Posted: Thu Nov 12, 2015 8:30 am
by Secret Alias
Of course Giuseppe can't address the question of engaging in scholarship with an open mind because he doesn't possess an open mind. He can't address the question of engaging texts with a detailed knowledge of other near contemporary texts because he doesn't possess such knowledge.

When I read Philo - not just this one passage but most of what Philo wrote - I see clear signs that his Alexandrian community (of which he was a leading representative) - shared traditional readings of the Pentateuch and related texts with Jewish and Samaritans abroad. There are ideas that clearly influenced (perhaps indirectly, perhaps directly) early Christianity. When all is taken as a totality there is nothing to suggest that anyone interpreted Joshua to be the anatole/tsemach. That speaks volumes and requires that anyone come up with something more substantial than mere 'wishful thinking' (a wish which seems clearly connected to making Jesus a supernatural being a la contemporary 'mythicism').

If you were a serious scholar (which I do not consider you to be judging by your posts here) you'd have been struck by Andrew Criddle's post a while back noting that the LXX (the text Philo used) to interpret 'Jesus' as the anatole. Why no answer to that post? Why just continue blabbing on about what YOU WANT TO BE TRUE rather than what the text allows? Indeed the fact that the LXX makes it impossible to understand the anatole to be Jesus is why no one before the established Christian religion read the text that way. I would disagree with Criddle when he says that the Hebrew text allows for such an interpretation. I don't see much different between the two texts. The bottom line is that God addressing Joshua speaks of the tsemach as sitting beside a priest. This is very difficult - if not impossible - to reconcile with Joshua the high priest. That's why no Jews ever posited the view in antiquity.
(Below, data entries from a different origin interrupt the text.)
(* For every formula $\varphi$: $\emptyset\vdash_{\mathsf{iSLH}}\varphi$ if and only if the sequent $\Rightarrow\varphi$ (empty antecedent) is provable in $\mathsf{G4iSLt}$.
   Context: Formulas are built by the grammar $\varphi ::= p \mid \bot \mid \varphi\land\varphi \mid \varphi\lor\varphi \mid \varphi\to\varphi \mid \Box\varphi$, with $p$ ranging over a countably infinite set of propositional variables. For a multiset $\Gamma$, $\Box\Gamma=\{\Box\psi:\psi\in\Gamma\}$; a boxed formula is one of the form $\Box\psi$. The generalised Hilbert calculus $\mathsf{iSLH}$ derives expressions $\Gamma\vdash\varphi$ ($\Gamma$ a set of formulas) by the rules: (Ax) $\Gamma\vdash\varphi$ whenever $\varphi$ is an instance of an axiom; (El) $\Gamma\vdash\varphi$ whenever $\varphi\in\Gamma$; (Nec) from $\emptyset\vdash\varphi$ infer $\Gamma\vdash\Box\varphi$; (MP) from $\Gamma\vdash\varphi$ and $\Gamma\vdash\varphi\to\psi$ infer $\Gamma\vdash\psi$. The axioms are all instances of: $\varphi\to(\psi\to\varphi)$; $(\varphi\to(\psi\to\chi))\to((\varphi\to\psi)\to(\varphi\to\chi))$; $\varphi\to(\varphi\lor\psi)$; $\psi\to(\varphi\lor\psi)$; $(\varphi\to\chi)\to((\psi\to\chi)\to((\varphi\lor\psi)\to\chi))$; $(\varphi\land\psi)\to\varphi$; $(\varphi\land\psi)\to\psi$; $(\varphi\to\psi)\to((\varphi\to\chi)\to(\varphi\to(\psi\land\chi)))$; $\bot\to\varphi$; $\Box(\varphi\to\psi)\to(\Box\varphi\to\Box\psi)$; $(\Box\varphi\to\varphi)\to\varphi$. A sequent is $\Gamma\Rightarrow\chi$ with $\Gamma$ a finite multiset of formulas and $\chi$ a formula. The sequent calculus $\mathsf{G4iSLt}$ has the following rules, where $p$ is a propositional variable and $\Phi$ always denotes a multiset containing no boxed formula: (⊥L) $\bot,\Gamma\Rightarrow\chi$ (no premise); (IdP) $\Gamma,p\Rightarrow p$ (no premise); (∧L) from $\Gamma,\varphi,\psi\Rightarrow\chi$ infer $\Gamma,\varphi\land\psi\Rightarrow\chi$; (∧R) from $\Gamma\Rightarrow\varphi$ and $\Gamma\Rightarrow\psi$ infer $\Gamma\Rightarrow\varphi\land\psi$; (∨L) from $\Gamma,\varphi\Rightarrow\chi$ and $\Gamma,\psi\Rightarrow\chi$ infer $\Gamma,\varphi\lor\psi\Rightarrow\chi$; (∨R$_i$), $i\in\{1,2\}$: from $\Gamma\Rightarrow\varphi_i$ infer $\Gamma\Rightarrow\varphi_1\lor\varphi_2$; (p→L) from $\Gamma,p,\varphi\Rightarrow\chi$ infer $\Gamma,p,p\to\varphi\Rightarrow\chi$; (→R) from $\Gamma,\varphi\Rightarrow\psi$ infer $\Gamma\Rightarrow\varphi\to\psi$; (□→L) from $\Phi,\Gamma,\psi,\Box\varphi\Rightarrow\varphi$ and $\Phi,\Box\Gamma,\psi\Rightarrow\chi$ infer $\Phi,\Box\Gamma,\Box\varphi\to\psi\Rightarrow\chi$; (SLtR) from $\Phi,\Gamma,\Box\varphi\Rightarrow\varphi$ infer $\Phi,\Box\Gamma\Rightarrow\Box\varphi$; (∧→L) from $\Gamma,\varphi\to(\psi\to\chi)\Rightarrow\delta$ infer $\Gamma,(\varphi\land\psi)\to\chi\Rightarrow\delta$; (∨→L) from $\Gamma,\varphi\to\chi,\psi\to\chi\Rightarrow\delta$ infer $\Gamma,(\varphi\lor\psi)\to\chi\Rightarrow\delta$; (→→L) from $\Gamma,\psi\to\chi\Rightarrow\varphi\to\psi$ and $\Gamma,\chi\Rightarrow\delta$ infer $\Gamma,(\varphi\to\psi)\to\chi\Rightarrow\delta$. A proof of a sequent $S$ is a finite tree of sequents with root $S$ in which each interior node together with its children forms an instance of a rule (conclusion, premises) and each leaf is the conclusion of a premise-free rule; $S$ is provable if it has a proof. *)

From Stdlib Require Export List Permutation.
Export ListNotations.
Definition xpows (i : 'I_n) : R := 'X_i ^+ del i.
Definition xpows_ell (o : option 'I_n) : R :=
  if o is Some i then xpows i else ell ^+ e.

Definition cc_combo (a : option 'I_n -> R) : R :=
  \sum_(i < n) (cc (del i))%:R * a (Some i) * 'X_i ^+ (del i - 2)
  + (cc e)%:R * a None * ell ^+ (e - 2).

Lemma in_xpows_opF p : in_ideal xpows p -> in_ideal xpows (opF del p).
Proof. by apply: in_ideal_additive => i w /=; rewrite opF_mulXn; apply/in_idealMl/in_ideal_gen. Qed.

Lemma in_xpows_inv_euler t p : in_ideal xpows p -> in_ideal xpows (inv_euler t p).
Proof.
apply: in_ideal_additive => i w /=.
by rewrite (inv_euler_mul_homog _ _ (dhomog_Xn _ _ _)); apply/in_idealMl/in_ideal_gen.
Qed.

Lemma in_xpows_ell p : in_ideal xpows p -> in_ideal xpows_ell p.
Proof. by apply: in_ideal_trans => i; apply: (in_ideal_gen xpows_ell (Some i)). Qed.

Lemma relation_xpows_ell a : is_relation xpows_ell a ->
  \sum_(i < n) a (Some i) * xpows i = - (a None * ell ^+ e).
Proof. by rewrite /is_relation big_option /= addrC => /eqP; rewrite addr_eq0 => /eqP. Qed.

Lemma six_cc_combo a b' : is_relation xpows_ell a -> (0 < e)%N ->
  a None = (socle_deg del + 2)%:R * b' - e%:R * b' - 2%:R * euler b' ->
  6%:R * cc_combo a =
    - \sum_(i < n) (opG del (a (Some i)) - 6%:R * (del i)%:R * (a (Some i))^`M(i)^`M(i)) * xpows i
    - 3%:R * opF del (opF del (ell ^+ e * b'))
    + ell ^+ e * (3%:R * opF del (opF del b') - opG del (a None)).
Proof.
move=> /relation_xpows_ell rel e_gt0 b_eq.
have opG_rel : \sum_(i < n) opG del (a (Some i) * xpows i) = - opG del (ell ^+ e * a None).
  by rewrite -raddf_sum /= rel raddfN /= mulrC.
have var_term i : 6%:R * ((cc (del i))%:R * a (Some i) * 'X_i ^+ (del i - 2)) =
    opG del (a (Some i) * xpows i)
    - (opG del (a (Some i)) - 6%:R * (del i)%:R * (a (Some i))^`M(i)^`M(i)) * xpows i.
  by rewrite /xpows opG_mulXn natrM; ring.
have ell_term : 6%:R * ((cc e)%:R * a None * ell ^+ (e - 2)) =
    opG del (ell ^+ e * a None) - ell ^+ e * opG del (a None)
    - 3%:R * (opF del (opF del (ell ^+ e * b')) - ell ^+ e * opF del (opF del b')).
  by rewrite (opG_ellXn_commutator e_gt0 b_eq) natrM -!mulrA [a None * _]mulrC.
rewrite /cc_combo mulrDr mulr_sumr (eq_bigr _ (fun i _ => var_term i)) sumrB opG_rel.
rewrite ell_term; move: (opG del _) (\sum_(i < n) _) (opF del (opF del _)) => GLa S FFLb'.
by ring.
Qed.
(* Consider the uncertain system \[ \dot x = f(x) + g(x)u + \varphi(x,u)\theta,\qquad \varphi(x,u)=[F(x)\;\; G(x)\,\mathrm{diag}(u)]\in\mathbb{R}^{n\times(p+m)}, \] with input $u\in\mathcal{U}\subseteq\mathbb{R}^m$, known locally Lipschitz $f,g$, known $F:\mathbb{R}^n\to\mathbb{R}^{n\times p}$, $G:\mathbb{R}^n\to\mathbb{R}^{n\times m}$, and unknown $\theta\in\mathbb{R}^{p+m}$ lying in a known hyperrectangle $\Theta=[\underline{\theta}_1,\overline{\theta}_1]\times\cdots\times[\underline{\theta}_{p+m},\overline{\theta}_{p+m}]$. Let $\{\Xi_k\}_{k\ge0}$ be the sequence of parameter sets generated by the integral set-membership identification scheme described below. Let $h:\mathbb{R}^n\to\mathbb{R}$ be continuously differentiable, $\mathcal{C}=\{x:h(x)\ge0\}$, and suppose there is an extended class $\mathcal{K}$ function $\alpha$ such that for all $x\in\mathcal{C}$ \[ \sup_{u\in\mathcal{U}}\inf_{\theta\in\Theta}\dot h(x,u,\theta)\ge-\alpha(h(x)),\qquad \dot h(x,u,\theta)=L_fh(x)+L_gh(x)u+L_\varphi h(x,u)\theta. \] Then $\sup_{u\in\mathcal{U}}\inf_{\theta\in\Xi_k}\dot h(x,u,\theta)\ge-\alpha(h(x))$ for all $x\in\mathcal{C}$ and all $k\in\mathbb{Z}_{\ge0}$.
   Context: $L_fh=\nabla h\, f$, $L_gh=\nabla h\, g$, $L_\varphi h(x,u)=\nabla h(x)\varphi(x,u)$. Extended class $\mathcal{K}$: continuous strictly increasing $\alpha:\mathbb{R}\to\mathbb{R}$ with $\alpha(0)=0$. The identification scheme: let $x(\cdot)$ be a solution under an input signal $u(\cdot)$; fix $\Delta t>0$ and for $t\ge\Delta t$ let $\Delta x(t)=\int_{t-\Delta t}^t\dot x\,ds$, $\mathcal{F}(t)=\int_{t-\Delta t}^t f(x(s))ds$, $\mathcal{G}(t)=\int_{t-\Delta t}^t g(x(s))u(s)ds$, $\mathcal{S}(t)=\int_{t-\Delta t}^t\varphi(x(s),u(s))ds$. Let $\{t_k\}$ be strictly increasing with $t_0=0$; at time $t$ a history stack $\{\Delta x_j(t),\mathcal{F}_j(t),\mathcal{G}_j(t),\mathcal{S}_j(t)\}_{j\in\mathcal{M}(t)}$ consists of values of $(\Delta x,\mathcal{F},\mathcal{G},\mathcal{S})$ recorded at times in $[\Delta t,t]$. With $\varepsilon>0$, $\Xi_0=\Theta$, and for $k\ge1$, $\Xi_k=\prod_i[\underline\theta_i^k,\overline\theta_i^k]$ where $\underline\theta_i^k$ (resp. $\overline\theta_i^k$) is the minimum (resp. maximum) of $\theta_i$ over $\theta\in\Xi_{k-1}$ satisfying $-\varepsilon\mathbf{1}_n\le\Delta x_j(t_k)-\mathcal{F}_j(t_k)-\mathcal{G}_j(t_k)-\mathcal{S}_j(t_k)\theta\le\varepsilon\mathbf{1}_n$ for all $j\in\mathcal{M}(t_k)$ ($\mathbf{1}_n$ the vector of ones, inequalities componentwise). *)

From HB Require Import structures.
From mathcomp Require Import all_boot all_order all_algebra.
From mathcomp Require Import all_classical all_reals all_analysis.
Set Implicit Arguments. Unset Strict Implicit. Unset Printing Implicit Defensive.
Import Order.TTheory GRing.Theory Num.Theory.
Import numFieldNormedType.Exports.
Local Open Scope classical_set_scope.
Local Open Scope ring_scope.

Section Defs.
Variable R : realType.

Definition ext_class_K (alpha : R -> R) : Prop :=
  continuous alpha /\ (forall a b, a < b -> alpha a < alpha b) /\ alpha 0 = 0.

(* local Lipschitz continuity (w.r.t. the max-entry matrix norm) *)
Definition locally_lipschitz (r c k l : nat) (f : 'M[R]_(r, c) -> 'M[R]_(k, l)) :=
  forall x0, exists2 d : R, 0 < d & exists L : R, forall y z,
    `|y - x0| < d -> `|z - x0| < d -> `|f y - f z| <= L * `|y - z|.

Definition grad (n : nat) (h : 'cV[R]_n -> R) (x : 'cV[R]_n) : 'rV[R]_n :=
  \row_i ('D_(delta_mx i 0) h x).

Definition regressor (n p m : nat) (F : 'cV[R]_n -> 'M[R]_(n, p))
  (G : 'cV[R]_n -> 'M[R]_(n, m)) (x : 'cV[R]_n) (u : 'cV[R]_m)
  : 'M[R]_(n, p + m) := row_mx (F x) (G x *m diag_mx u^T).

Definition Lf (n : nat) (h : 'cV[R]_n -> R) (f : 'cV[R]_n -> 'cV[R]_n) x : R :=
  (grad h x *m f x) 0 0.
Definition Lg (n m : nat) (h : 'cV[R]_n -> R) (g : 'cV[R]_n -> 'M[R]_(n, m)) x
  : 'rV[R]_m := grad h x *m g x.
Definition hdot (n p m : nat) (h : 'cV[R]_n -> R) (f : 'cV[R]_n -> 'cV[R]_n)
  (g : 'cV[R]_n -> 'M[R]_(n, m)) (F : 'cV[R]_n -> 'M[R]_(n, p))
  (G : 'cV[R]_n -> 'M[R]_(n, m)) (x : 'cV[R]_n) (u : 'cV[R]_m)
  (th : 'cV[R]_(p + m)) : R :=
  Lf h f x + (grad h x *m g x *m u) 0 0 + (grad h x *m regressor F G x u *m th) 0 0.

Definition hrect (q : nat) (lo hi : 'cV[R]_q) : set 'cV[R]_q :=
  [set th | forall i, lo i 0 <= th i 0 <= hi i 0].

Definition mxint (r c : nat) (a b : R) (S : R -> 'M[R]_(r, c)) : 'M[R]_(r, c) :=
  \matrix_(i, j) (\int[lebesgue_measure]_(s in `[a, b]) S s i j).

(* smallest box containing A: componentwise min/max (as inf/sup in \bar R;
   they are attained when A is nonempty and compact; empty A gives empty box) *)
Definition bbox (q : nat) (A : set 'cV[R]_q) : set 'cV[R]_q :=
  [set th | forall i, (ereal_inf [set (t i 0)%:E | t in A] <= (th i 0)%:E)%E /\
                      ((th i 0)%:E <= ereal_sup [set (t i 0)%:E | t in A])%E].

Section Scheme.
Variables (n p m : nat) (f : 'cV[R]_n -> 'cV[R]_n) (g : 'cV[R]_n -> 'M[R]_(n, m))
  (F : 'cV[R]_n -> 'M[R]_(n, p)) (G : 'cV[R]_n -> 'M[R]_(n, m))
  (x : R -> 'cV[R]_n) (u : R -> 'cV[R]_m) (dt eps : R)
  (tk : nat -> R) (stack : R -> seq R) (Theta : set 'cV[R]_(p + m)).

Definition DeltaX (t : R) : 'cV[R]_n := mxint (t - dt) t (fun s => 'D_1 x s).
Definition IntF (t : R) : 'cV[R]_n := mxint (t - dt) t (fun s => f (x s)).
Definition IntG (t : R) : 'cV[R]_n := mxint (t - dt) t (fun s => g (x s) *m u s).
Definition IntS (t : R) : 'M[R]_(n, p + m) :=
  mxint (t - dt) t (fun s => regressor F G (x s) (u s)).

Definition consistent (k : nat) : set 'cV[R]_(p + m) :=
  [set th | forall s, s \in stack (tk k) -> forall i,
     - eps <= (DeltaX s - IntF s - IntG s - IntS s *m th) i 0 <= eps].

Fixpoint Xi (k : nat) : set 'cV[R]_(p + m) :=
  match k with
  | 0 => Theta
  | k'.+1 => bbox (Xi k' `&` consistent k'.+1)
  end.
End Scheme.

End Defs.

From HB Require Import structures.
From mathcomp Require Import all_boot all_order all_algebra.
From mathcomp Require Import all_classical all_reals all_analysis.
Import Order.TTheory GRing.Theory Num.Theory.
Import numFieldNormedType.Exports.
Local Open Scope classical_set_scope.
Local Open Scope ring_scope.

(* Whatever the recorded data, every identified set Xi_k lies inside the
   prior box Theta: each update intersects with the previous set and then
   takes a bounding box, which cannot leave a box.  Shrinking the parameter
   set can only raise the worst case inf_theta hdot, so the robust CBF
   condition assumed on Theta is inherited by every Xi_k. *)

Section SetMembership.
Variable R : realType.

Lemma bbox_sub_hrect (q : nat) (lo hi : 'cV[R]_q) (A : set 'cV[R]_q) :
  A `<=` hrect lo hi -> bbox A `<=` hrect lo hi.
Proof.
move=> sub_A th bbox_th i.
have [inf_le le_sup] := bbox_th i.
have lo_le : ((lo i 0)%:E <= (th i 0)%:E)%E.
  apply: le_trans inf_le; apply: le_ereal_inf_tmp => _ [t At <-].
  by rewrite lee_fin; case/andP: (sub_A t At i).
have le_hi : ((th i 0)%:E <= (hi i 0)%:E)%E.
  apply: le_trans le_sup _; apply: ge_ereal_sup => _ [t At <-].
  by rewrite lee_fin; case/andP: (sub_A t At i).
by rewrite -!lee_fin lo_le le_hi.
Qed.

Lemma Xi_sub_hrect (n p m : nat)
  (f : 'cV[R]_n -> 'cV[R]_n) (g : 'cV[R]_n -> 'M[R]_(n, m))
  (F : 'cV[R]_n -> 'M[R]_(n, p)) (G : 'cV[R]_n -> 'M[R]_(n, m))
  (lo hi : 'cV[R]_(p + m)) (x : R -> 'cV[R]_n) (u : R -> 'cV[R]_m)
  (dt eps : R) (tk : nat -> R) (stack : R -> seq R) (k : nat) :
  Xi f g F G x u dt eps tk stack (hrect lo hi) k `<=` hrect lo hi.
Proof.
elim: k => [//|k IHk] /=.
by apply: bbox_sub_hrect; apply: subset_trans IHk; apply: subIsetl.
Qed.

Lemma le_ereal_sup_inf_subset (V T : Type) (U : set V) (A B : set T)
  (phi : V -> T -> R) : A `<=` B ->
  (ereal_sup [set ereal_inf [set (phi v t)%:E | t in B] | v in U] <=
   ereal_sup [set ereal_inf [set (phi v t)%:E | t in A] | v in U])%E.
Proof.
move=> AB; apply: ge_ereal_sup => _ [v Uv <-].
apply: le_trans (ereal_sup_ubound _); last by exists v.
by apply: le_ereal_inf => _ [t At <-]; exists t => //; apply: AB.
Qed.

End SetMembership.

Theorem proposition1 (R : realType) (n p m : nat)
  (f : 'cV[R]_n -> 'cV[R]_n) (g : 'cV[R]_n -> 'M[R]_(n, m))
  (F : 'cV[R]_n -> 'M[R]_(n, p)) (G : 'cV[R]_n -> 'M[R]_(n, m))
  (U : set 'cV[R]_m) (lo hi theta : 'cV[R]_(p + m))
  (x : R -> 'cV[R]_n) (u : R -> 'cV[R]_m) (dt eps : R)
  (tk : nat -> R) (stack : R -> seq R)
  (h : 'cV[R]_n -> R) (alpha : R -> R) :
  locally_lipschitz f -> locally_lipschitz g ->
  (* unknown true parameter in the known hyperrectangle Theta *)
  hrect lo hi theta ->
  (* x is a solution of the uncertain system under the input signal u *)
  (forall t : R, 0 <= t -> U (u t)) ->
  (forall t : R, 0 < t -> is_derive t 1 x
      (f (x t) + g (x t) *m u t + regressor F G (x t) (u t) *m theta)) ->
  (* identification scheme data *)
  0 < dt -> 0 < eps ->
  tk 0%N = 0 -> (forall k, tk k < tk k.+1) ->
  (forall (t s : R), s \in stack t -> dt <= s <= t) ->
  (* h continuously differentiable, alpha extended class K *)
  (forall y, differentiable h y) -> continuous (grad h) ->
  ext_class_K alpha ->
  (forall y, 0 <= h y ->
     (ereal_sup [set ereal_inf [set (hdot h f g F G y v th)%:E | th in hrect lo hi]
                | v in U] >= (- alpha (h y))%:E)%E) ->
  forall (k : nat) (y : 'cV[R]_n), 0 <= h y ->
    (ereal_sup [set ereal_inf [set (hdot h f g F G y v th)%:E
                              | th in Xi f g F G x u dt eps tk stack (hrect lo hi) k]
                | v in U] >= (- alpha (h y))%:E)%E.
Proof.
move=> _ _ _ _ _ _ _ _ _ _ _ _ _ cbf_Theta k y hy.
apply: le_trans (cbf_Theta y hy) _.
exact/le_ereal_sup_inf_subset/Xi_sub_hrect.
Qed.
(* Boolean tests are coded by [0] (false) and non-zero values (true). *)

Definition isz (n : nat) := match n with 0 => 1 | _ => 0 end.
Definition sg (n : nat) := match n with 0 => 0 | _ => 1 end.
Definition ite (c x y : nat) := match c with 0 => y | _ => x end.
Definition b2n (b : bool) := if b then 1 else 0.
Definition lebn a b := b2n (a <=? b).
Definition ltbn a b := b2n (a <? b).
Definition eqbn a b := b2n (a =? b).
Definition andn a b := sg a * sg b.
Definition orn a b := sg (a + b).

Lemma recursive_isz : recursive1 isz.
Proof. apply (recursive1_primrec _ 1 (fun n r => 0)); auto; recursive_arith1. Qed.

Lemma recursive_sg : recursive1 sg.
Proof. apply (recursive1_primrec _ 0 (fun n r => 1)); auto; recursive_arith1. Qed.
#[export] Hint Resolve recursive_isz recursive_sg : recursive.

Lemma recursive_ite : recursive3 ite.
Proof.
  eapply recursive_ext with
    (f := fun xs => sg (nth 0 xs 0) * nth 1 xs 0 + isz (nth 0 xs 0) * nth 2 xs 0).
  - recursive_arith.
  - intros xs _. destruct (nth 0 xs 0); simpl; lia.
Qed.

Lemma recursive_lebn : recursive2 lebn.
Proof.
  eapply recursive_ext with (f := fun xs => isz (nth 0 xs 0 - nth 1 xs 0)).
  - recursive_arith.
  - intros xs _. unfold lebn.
    destruct (Nat.leb_spec (nth 0 xs 0) (nth 1 xs 0)).
    + replace (nth 0 xs 0 - nth 1 xs 0) with 0 by lia. auto.
    + destruct (nth 0 xs 0 - nth 1 xs 0) eqn:E; [lia|auto].
Qed.
#[export] Hint Resolve recursive_ite recursive_lebn : recursive.

Lemma recursive_ltbn : recursive2 ltbn.
Proof.
  eapply recursive_ext with (f := fun xs => lebn (S (nth 0 xs 0)) (nth 1 xs 0)).
  - recursive_arith.
  - reflexivity.
Qed.

Lemma recursive_eqbn : recursive2 eqbn.
Proof.
  eapply recursive_ext with
    (f := fun xs => lebn (nth 0 xs 0) (nth 1 xs 0) * lebn (nth 1 xs 0) (nth 0 xs 0)).
  - recursive_arith.
  - intros xs _. unfold lebn, eqbn.
    destruct (Nat.eqb_spec (nth 0 xs 0) (nth 1 xs 0));
      destruct (Nat.leb_spec (nth 0 xs 0) (nth 1 xs 0));
      destruct (Nat.leb_spec (nth 1 xs 0) (nth 0 xs 0)); simpl; lia.
Qed.

Lemma recursive_andn : recursive2 andn. Proof. unfold andn; recursive_arith1. Qed.
Lemma recursive_orn : recursive2 orn. Proof. unfold orn; recursive_arith1. Qed.
#[export] Hint Resolve recursive_ltbn recursive_eqbn recursive_andn recursive_orn : recursive.

Lemma recursive_div2 : recursive1 Nat.div2.
Proof.
  set (oddn n := b2n (Nat.odd n)).
  assert (Hodd : recursive1 oddn).
  { apply (recursive1_primrec _ 0 (fun n r => isz r)); auto; [|recursive_arith1].
    intros n. unfold oddn. rewrite Nat.odd_succ, <- Nat.negb_odd. destruct (Nat.odd n); auto. }
  apply (recursive1_primrec _ 0 (fun n r => r + oddn n)); auto; [|recursive_arith1].
  intros n. unfold oddn. pose proof (Nat.div2_odd n). pose proof (Nat.div2_odd (S n)).
  rewrite Nat.odd_succ, <- Nat.negb_odd in *. destruct (Nat.odd n); simpl in *; lia.
Qed.
#[export] Hint Resolve recursive_div2 : recursive.

Lemma recursive_cpair : recursive2 cpair.
Proof.
  eapply recursive_ext with (f := fun xs =>
    Nat.div2 ((nth 0 xs 0 + nth 1 xs 0) * S (nth 0 xs 0 + nth 1 xs 0)) + nth 1 xs 0).
  - recursive_arith.
  - intros; unfold cpair; rewrite Nat.div2_div; auto.
Qed.
#[export] Hint Resolve recursive_cpair : recursive.

Lemma andn_neq0 a b : andn a b <> 0 <-> a <> 0 /\ b <> 0.
Proof. unfold andn, sg. destruct a, b; simpl; split; intros; try lia; tauto. Qed.

Lemma andn_eq0 a b : andn a b = 0 <-> a = 0 \/ b = 0.
Proof. unfold andn, sg. destruct a, b; simpl; split; intros; try lia; tauto. Qed.

Lemma isz_neq0 a : isz a <> 0 <-> a = 0.
Proof. destruct a; simpl; split; intros; lia. Qed.

Lemma isz_eq0 a : isz a = 0 <-> a <> 0.
Proof. destruct a; simpl; split; intros; lia. Qed.

Lemma sg_eq0 a : sg a = 0 <-> a = 0.
Proof. destruct a; simpl; split; intros; lia. Qed.

Lemma lebn_neq0 a b : lebn a b <> 0 <-> a <= b.
Proof. unfold lebn. destruct (Nat.leb_spec a b); simpl; split; intros; lia. Qed.

Lemma ltbn_neq0 a b : ltbn a b <> 0 <-> a < b.
Proof. unfold ltbn. destruct (Nat.ltb_spec a b); simpl; split; intros; lia. Qed.

Lemma eqbn_neq0 a b : eqbn a b <> 0 <-> a = b.
Proof. unfold eqbn. destruct (Nat.eqb_spec a b); simpl; split; intros; lia. Qed.

Lemma b2n_neq0 b : b2n b <> 0 <-> b = true.
Proof. destruct b; simpl; split; intros; auto; congruence. Qed.

Lemma andn_le1 a b : andn a b <= 1.
Proof. unfold andn, sg. destruct a, b; simpl; lia. Qed.

Lemma map_nth_seq (l : list nat) : map (fun i => nth i l 0) (seq 0 (length l)) = l.
Proof.
  apply nth_ext with (d := 0) (d' := 0); rewrite length_map, length_seq; auto.
  intros n Hn.
  rewrite <- (nth_nth_nth_map l 0 (seq 0 (length l)) (dn:=0))
    by (left; rewrite length_seq; auto).
  rewrite seq_nth by auto. auto.
Qed.

Lemma recursive_select k m f (sigma : nat -> nat) :
  recursive k f -> (forall i, i < k -> sigma i < m) ->
  recursive m (fun ys => f (map (fun i => nth (sigma i) ys 0) (seq 0 k))).
Proof.
  intros Hf Hs. eapply recursive_ext.
  - apply (recursive_comp m k f (map (fun i => fun ys => nth (sigma i) ys 0) (seq 0 k)) Hf).
    + rewrite length_map, length_seq; auto.
    + apply Forall_forall. intros g Hg. apply in_map_iff in Hg. destruct Hg as [i [<- Hi]].
      apply in_seq in Hi. apply recursive_proj. apply Hs; lia.
  - intros ys _. cbv beta. rewrite map_map. auto.
Qed.

Lemma recursive_shift k f :
  recursive (S k) f -> recursive (S (S k)) (fun ys => f (hd 0 ys :: tl (tl ys))).
Proof.
  intros Hf. eapply recursive_ext.
  - apply (recursive_select (S k) (S (S k)) f
      (fun i => match i with 0 => 0 | S i => S (S i) end) Hf).
    intros [|i]; lia.
  - intros [|y [|y' ys]] Hl; try discriminate. simpl in Hl. injection Hl as Hl.
    simpl. rewrite <- seq_shift, map_map. rewrite <- Hl. rewrite map_nth_seq. reflexivity.
Qed.

Lemma recursive_cons k f g :
  recursive (S k) f -> recursive k g -> recursive k (fun ys => f (g ys :: ys)).
Proof.
  intros Hf Hg. eapply recursive_ext.
  - apply (recursive_comp k (S k) f (g :: map (fun i => fun ys => nth i ys 0) (seq 0 k)) Hf).
    + simpl. rewrite length_map, length_seq; auto.
    + constructor; auto. apply Forall_forall. intros h Hh.
      apply in_map_iff in Hh. destruct Hh as [i [<- Hi]].
      apply in_seq in Hi. apply recursive_proj. lia.
  - intros ys Hl. simpl. rewrite map_map, <- Hl. rewrite map_nth_seq. reflexivity.
Qed.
Re: Carrier proposes the NT Jesus based on Philo's Jesus ang

Posted: Thu Nov 12, 2015 8:34 am
by Secret Alias
Were it not that you're a mythicist
I am not a 'mythicist.' I think that Christianity fits in within the general milieu of a 'Jewish' or 'Samaritan' tradition. As such I find it easier to reconcile said tradition via the traditional angel 'man' than with any other explanation. I don't necessarily subscribe to many 'popular' mythicist tropes including but not limited to, the entire narrative of the gospel was 'made up.' In fact, I think there is compelling evidence it was set in a particular year in 'real history.' Beyond that I have pretty much an open mind regarding what might or might not be possible with regards to early Christianity.